Ibrāhīm belonged to a prominent Syro-Palestinian family known as the Khālidīs or Banū l-Qaysarānī. They claimed descent from Khālid ibn al-Walīd. His great-grandfather, Khālid ibn al-Qaysarānī, served as the vizier of Nūr al-Dīn Maḥmūd ibn Zankī (d. 1174). His grandfather, Fatḥ al-Dīn ʿAbd Allāh ibn al-Qaysarānī, served as the vizier in Syria of three Mamlūk sultans. Ibrāhīm worked in Damascus and Cairo. He has entries in the biographical dictionaries of Ibn Ḥajar al-ʿAsqalānī and al-Ṣafadī. According to al-Ṣafadī, the death of his patron, Bahādur al-Tamurtāshī, who was Sultan al-Ṣāliḥ Ismāʿīl's brother-in-law, brought his steady advancement at court to an end in March 1343. He died in May 1352.

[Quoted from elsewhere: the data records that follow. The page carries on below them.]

(* Let $\mathcal{M}=(M_i\colon i\in K)$ be a family of matroids on a common ground set $E$. Let $(I_i\colon i\in K)$ be a family of pairwise disjoint sets such that $I_i$ is independent in $M_i$ for all $i\in K$, and let $e\in E\setminus\bigcup_{i\in K}I_i$. Then exactly one of the following two statements holds. (1) There are a family of sets $(J_i\colon i\in K)$ and $k\in K$ such that: (a) $J_i$ is independent in $M_i$ for all $i$; (b) $J_i\cap J_j=\emptyset$ for $i\neq j$; (c) $\bigcup_{i\in K}J_i=\bigcup_{i\in K}I_i\cup\{e\}$; (d) $\sum_{i\in K}|I_i\triangle J_i|<\aleph_0$; (e) $\mathrm{span}_{M_i}(J_i)=\mathrm{span}_{M_i}(I_i)$ for all $i\neq k$, and $\mathrm{span}_{M_k}(J_k\setminus\{f\})=\mathrm{span}_{M_k}(I_k)$ for some $f\in J_k$. (2) There exists $X\subseteq\bigcup_{i\in K}I_i$ such that for every $i\in K$ the set $I_i\cap X$ spans $X\cup\{e\}$ in $M_i$.
   Context: Matroids here are possibly infinite: a matroid is a pair $(E,\mathcal{I})$ with $\mathcal{I}\subseteq\mathcal{P}(E)$ such that (1) $\emptyset\in\mathcal{I}$; (2) $\mathcal{I}$ is closed under subsets; (3) for all $I,B\in\mathcal{I}$ with $B$ maximal in $\mathcal{I}$ and $I$ not maximal, there is $x\in B\setminus I$ with $I\cup\{x\}\in\mathcal{I}$; (4) for every $X\subseteq E$, every $I\in\mathcal{I}$ with $I\subseteq X$ extends to a maximal element of $\mathcal{I}\cap\mathcal{P}(X)$. Circuits are minimal dependent sets. A set $X$ spans $e$ in $M$ if $e\in X$ or there is a circuit $C\ni e$ with $C\setminus\{e\}\subseteq X$; $\mathrm{span}_M(X)$ is the set of elements spanned by $X$, and $X$ spans a set $Y$ if $Y\subseteq\mathrm{span}_M(X)$. *)

(* sets are predicates E -> Prop. The ground set of a matroid
   on the type E is the whole type E. *)
From Stdlib Require Import List.

Definition subset {E : Type} (A B : E -> Prop) : Prop := forall x, A x -> B x.
Definition set_eq {E : Type} (A B : E -> Prop) : Prop := forall x, A x <-> B x.
Definition setU1 {E : Type} (A : E -> Prop) (y : E) : E -> Prop :=
  fun x => A x \/ x = y.
Definition setD1 {E : Type} (A : E -> Prop) (y : E) : E -> Prop :=
  fun x => A x /\ x <> y.

Definition maximal {E : Type} (P : (E -> Prop) -> Prop) (B : E -> Prop) : Prop :=
  P B /\ forall J, P J -> subset B J -> subset J B.

Record matroid (E : Type) := Matroid {
  indep : (E -> Prop) -> Prop;
  indep_empty : indep (fun _ => False);
  indep_sub : forall A B, indep B -> subset A B -> indep A;
  indep_aug : forall I B, indep I -> maximal indep B -> ~ maximal indep I ->
      exists x, B x /\ ~ I x /\ indep (setU1 I x);
  indep_max : forall (X I : E -> Prop), indep I -> subset I X ->
      exists B, subset I B /\ maximal (fun J => indep J /\ subset J X) B
}.
Arguments indep {E} m _.

Definition circuit {E : Type} (M : matroid E) (C : E -> Prop) : Prop :=
  ~ indep M C /\ forall D, subset D C -> ~ indep M D -> subset C D.

Definition spans_elt {E : Type} (M : matroid E) (X : E -> Prop) (e : E) : Prop :=
  X e \/ exists C, circuit M C /\ C e /\ subset (setD1 C e) X.

Definition span {E : Type} (M : matroid E) (X : E -> Prop) : E -> Prop :=
  fun e => spans_elt M X e.

Definition spans {E : Type} (M : matroid E) (X Y : E -> Prop) : Prop :=
  subset Y (span M X).

Definition bigU {K E : Type} (I : K -> E -> Prop) : E -> Prop :=
  fun x => exists i, I i x.

Definition symdiff {E : Type} (A B : E -> Prop) : E -> Prop :=
  fun x => (A x /\ ~ B x) \/ (B x /\ ~ A x).

(* sum_{i in K} |I_i triangle J_i| < aleph_0 : the disjoint union of the
   symmetric differences is finite *)
Definition finite_sum_symdiff {K E : Type} (I J : K -> E -> Prop) : Prop :=
  exists l : list (K * E), forall i x, symdiff (I i) (J i) x -> In (i, x) l.

From Stdlib Require Import List Classical ClassicalEpsilon Arith Lia.

(* Consider the exchange graph of the packing: an arc x -> y labelled i whenever
   I_i + x is dependent in M_i, y is in I_i and I_i - y + x is independent.
   If some element that can be added to some I_k is reachable from e, take a
   shortest such path.  Performing its first exchange preserves every span, and
   by minimality the rest of the path is still an augmenting path for the new
   packing, so induction on the length gives (1).  Otherwise the covered
   elements reachable from e form a set X with X + e spanned by every I_i ∩ X,
   which is (2).  The alternatives exclude each other: the disjoint sets I_i ∩ X
   span X + e, and each element of X + e not yet covered can be exchanged, along
   its fundamental circuit, against an element outside the corresponding J_i;
   as J differs from I in finitely many places, this eventually covers e. *)

Section Matroid.
Context {E : Type} (M : matroid E).

Definition base (B : E -> Prop) : Prop := maximal (indep M) B.

Definition fund_circuit (A : E -> Prop) (x : E) (C : E -> Prop) : Prop :=
  circuit M C /\ C x /\ subset (setD1 C x) A.

Lemma circuit_sub_dep C D : circuit M C -> subset C D -> ~ indep M D.
Proof. intros [HC _] HCD HD. exact (HC (indep_sub _ M C D HD HCD)). Qed.

Lemma circuit_setD1_indep C y : circuit M C -> C y -> indep M (setD1 C y).
Proof.
  intros [_ Hmin] Hy. apply NNPP; intro Hdep.
  destruct (Hmin _ (fun z hz => proj1 hz) Hdep y Hy) as [_ Hyy]. exact (Hyy eq_refl).
Qed.

Lemma base_extend A : indep M A -> exists B, base B /\ subset A B.
Proof.
  intros HA.
  destruct (indep_max _ M (fun _ => True) A HA (fun _ _ => Logic.I)) as [B [HAB [[HB _] HBmax]]].
  exists B. split; [split; [exact HB |] | exact HAB].
  intros J HJ HBJ. exact (HBmax J (conj HJ (fun _ _ => Logic.I)) HBJ).
Qed.

Lemma base_extend_within A B : indep M A -> base B ->
  exists B', base B' /\ subset A B' /\ subset B' (fun x => A x \/ B x).
Proof.
  intros HA HB.
  destruct (indep_max _ M (fun x => A x \/ B x) A HA (fun x h => or_introl h))
    as [B' [HAB' [[HB' HB'AB] HB'max]]].
  exists B'. split; [| split; assumption].
  split; [exact HB' |]. apply NNPP; intro Hnmax.
  assert (Hnbase : ~ base B').
  { intros [_ Hmax]. exact (Hnmax Hmax). }
  destruct (indep_aug _ M B' B HB' HB Hnbase) as [x [HBx [HB'x Hind]]].
  apply HB'x, (HB'max (setU1 B' x)).
  - split; [exact Hind |]. intros z [hz | ->]; [exact (HB'AB z hz) | right; exact HBx].
  - intros z hz; left; exact hz.
  - right; reflexivity.
Qed.

Lemma base_exchange B B' x y : base B -> base B' -> subset B' (setU1 B x) ->
  B y -> ~ B' y -> indep M (setU1 (setD1 B y) x).
Proof.
  intros [HB HBmax] HB' HB'Bx Hy HB'y.
  assert (Hnbase : ~ base (setD1 B y)).
  { intros [_ Hmax]. destruct (Hmax B HB (fun z hz => proj1 hz) y Hy) as [_ Hyy].
    exact (Hyy eq_refl). }
  destruct (indep_aug _ M (setD1 B y) B' (indep_sub _ M _ _ HB (fun z hz => proj1 hz))
    HB' Hnbase) as [w [HB'w [Hw Hind]]].
  destruct (HB'Bx w HB'w) as [HBw | ->]; [| exact Hind].
  exfalso. apply Hw. split; [exact HBw |]. intros ->. exact (HB'y HB'w).
Qed.

Lemma fund_circuit_sub_setU1 A x C : fund_circuit A x C -> subset C (setU1 A x).
Proof.
  intros [_ [_ HCA]] z hz.
  destruct (classic (z = x)) as [-> | hzx];
      [right; reflexivity | left; apply HCA; split; assumption].
Qed.

Lemma fund_circuit_mono A A' x C : subset A A' -> fund_circuit A x C -> fund_circuit A' x C.
Proof.
  intros HAA' [HC [Hx HCA]]. split; [exact HC | split; [exact Hx |]].
  intros z hz. exact (HAA' z (HCA z hz)).
Qed.

Lemma setU1_dep_notin A x : indep M A -> ~ indep M (setU1 A x) -> ~ A x.
Proof. intros HA Hdep Hx. apply Hdep, (indep_sub _ M _ A HA). intros z [hz | ->]; assumption. Qed.

Lemma fund_circuit_dep A x C : fund_circuit A x C -> ~ indep M (setU1 A x).
Proof. intros HfC. exact (circuit_sub_dep C _ (proj1 HfC) (fund_circuit_sub_setU1 A x C HfC)). Qed.

Lemma fund_circuit_notin A x C : indep M A -> fund_circuit A x C -> ~ A x.
Proof. intros HA HfC. exact (setU1_dep_notin A x HA (fund_circuit_dep A x C HfC)). Qed.

Lemma circuit_exchange_base B C x y : base B -> fund_circuit B x C -> C y -> y <> x ->
  indep M (setU1 (setD1 B y) x).
Proof.
  intros HB HfC Hy Hyx.
  pose proof HfC as [HC [Hx HCB]].
  destruct (base_extend_within (setD1 C y) B (circuit_setD1_indep C y HC Hy) HB)
    as [B' [HB' [HCB' HB'sub]]].
  apply (base_exchange B B' x y HB HB').
  - intros z hz. destruct (HB'sub z hz) as [hCz | hBz]; [| left; exact hBz].
    exact (fund_circuit_sub_setU1 B x C HfC z (proj1 hCz)).
  - apply HCB; split; assumption.
  - intros HB'y. apply (circuit_sub_dep C B' HC); [| exact (proj1 HB')].
    intros z hz. destruct (classic (z = y)) as [-> | hzy];
        [exact HB'y | apply HCB'; split; assumption].
Qed.

Lemma circuit_exchange A C x y : indep M A -> fund_circuit A x C -> C y -> y <> x ->
  indep M (setU1 (setD1 A y) x).
Proof.
  intros HA HfC Hy Hyx.
  destruct (base_extend A HA) as [B [HB HAB]].
  apply (indep_sub _ M _ _ (circuit_exchange_base B C x y HB
      (fund_circuit_mono A B x C HAB HfC) Hy Hyx)).
  intros z [[hz hzy] | ->]; [left; split; [apply HAB |]; assumption | right; reflexivity].
Qed.

Lemma fund_circuit_exists A x : indep M A -> ~ indep M (setU1 A x) -> exists C, fund_circuit A x C.
Proof.
  intros HA Hdep.
  destruct (base_extend A HA) as [B [HB HAB]].
  set (C := fun c => c = x \/ (B c /\ indep M (setU1 (setD1 B c) x))).
  assert (HCB : forall c, C c -> c <> x -> B c).
  { intros c [-> | [hc _]] hcx; [contradiction | exact hc]. }
  exists C. split; [split | split; [left; reflexivity |]].
  - intros HC.
    destruct (base_extend_within C B HC HB) as [B' [HB' [HCB' HB'sub]]].
    assert (HB'Bx : subset B' (setU1 B x)).
    { intros z hz. destruct (HB'sub z hz) as [[-> | [hz' _]] | hz']; [right | left | left]; auto. }
    destruct (classic (exists y, B y /\ ~ B' y)) as [[y [Hy HB'y]] | Hall].
    + apply HB'y, HCB'. right. split; [exact Hy |].
      exact (base_exchange B B' x y HB HB' HB'Bx Hy HB'y).
    + apply Hdep, (indep_sub _ M _ B' (proj1 HB')). intros z [hz | ->].
      * apply NNPP; intros HB'z. apply Hall. exists z. split; [apply HAB |]; assumption.
      * apply HCB'. left; reflexivity.
  - intros D HDC HD c hc. apply NNPP; intros HDc. apply HD.
    destruct hc as [-> | [hc Hind]].
    + apply (indep_sub _ M D B (proj1 HB)). intros z hz.
      apply HCB; [exact (HDC z hz) |]. intros ->. exact (HDc hz).
    + apply (indep_sub _ M D _ Hind). intros z hz.
      destruct (classic (z = x)) as [-> | hzx]; [right; reflexivity |].
      left. split; [exact (HCB z (HDC z hz) hzx) |]. intros ->. exact (HDc hz).
  - intros c [hc hcx]. apply NNPP; intros HAc. apply Hdep.
    destruct hc as [-> | [_ Hind]]; [contradiction |].
    apply (indep_sub _ M _ _ Hind). intros z [hz | ->]; [| right; reflexivity].
    left. split; [apply HAB; exact hz |]. intros ->. exact (HAc hz).
Qed.

Lemma span_indepE A x : indep M A -> (span M A x <-> A x \/ ~ indep M (setU1 A x)).
Proof.
  intros HA. split.
  - intros [hx | [C HfC]]; [left; exact hx | right; exact (fund_circuit_dep A x C HfC)].
  - intros [hx | Hdep]; [left; exact hx | right; exact (fund_circuit_exists A x HA Hdep)].
Qed.

Lemma indep_setU1E A x : indep M A -> ~ A x -> (indep M (setU1 A x) <-> ~ span M A x).
Proof.
  intros HA HAx. rewrite (span_indepE A x HA).
  split; [intros Hind [hx | Hdep]; contradiction | intros Hnspan; apply NNPP; auto].
Qed.

Lemma span_mono A B : subset A B -> forall w, span M A w -> span M B w.
Proof.
  intros HAB w [hw | [C [HC [Hw HCA]]]]; [left; exact (HAB w hw) |].
  right. exists C. split; [exact HC | split; [exact Hw |]]. intros z hz; exact (HAB z (HCA z hz)).
Qed.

In the year AH 743 (AD 1342–1343), Ibrāhīm wrote a prose panegyric of the Sultan al-Ṣāliḥ Ismāʿīl for his accession in June 1342. Its full Arabic title is al-Nūr al-lāʾiḥ wa-l-durr al-sāḍiḥ fī ṣṭifāʾ mawlānā al-sulṭān al-malik al-Ṣāliḥ ('The Brilliant Light and the Necklace of Pearls, [Demonstrating] the Divine Election of Our Lord the Sultan, al-Ṣāliḥ Ismāʿīl'). The text was published in 1982.[1] Its editor treated it as a history of the Ayyūbid and Mamlūk dynasties.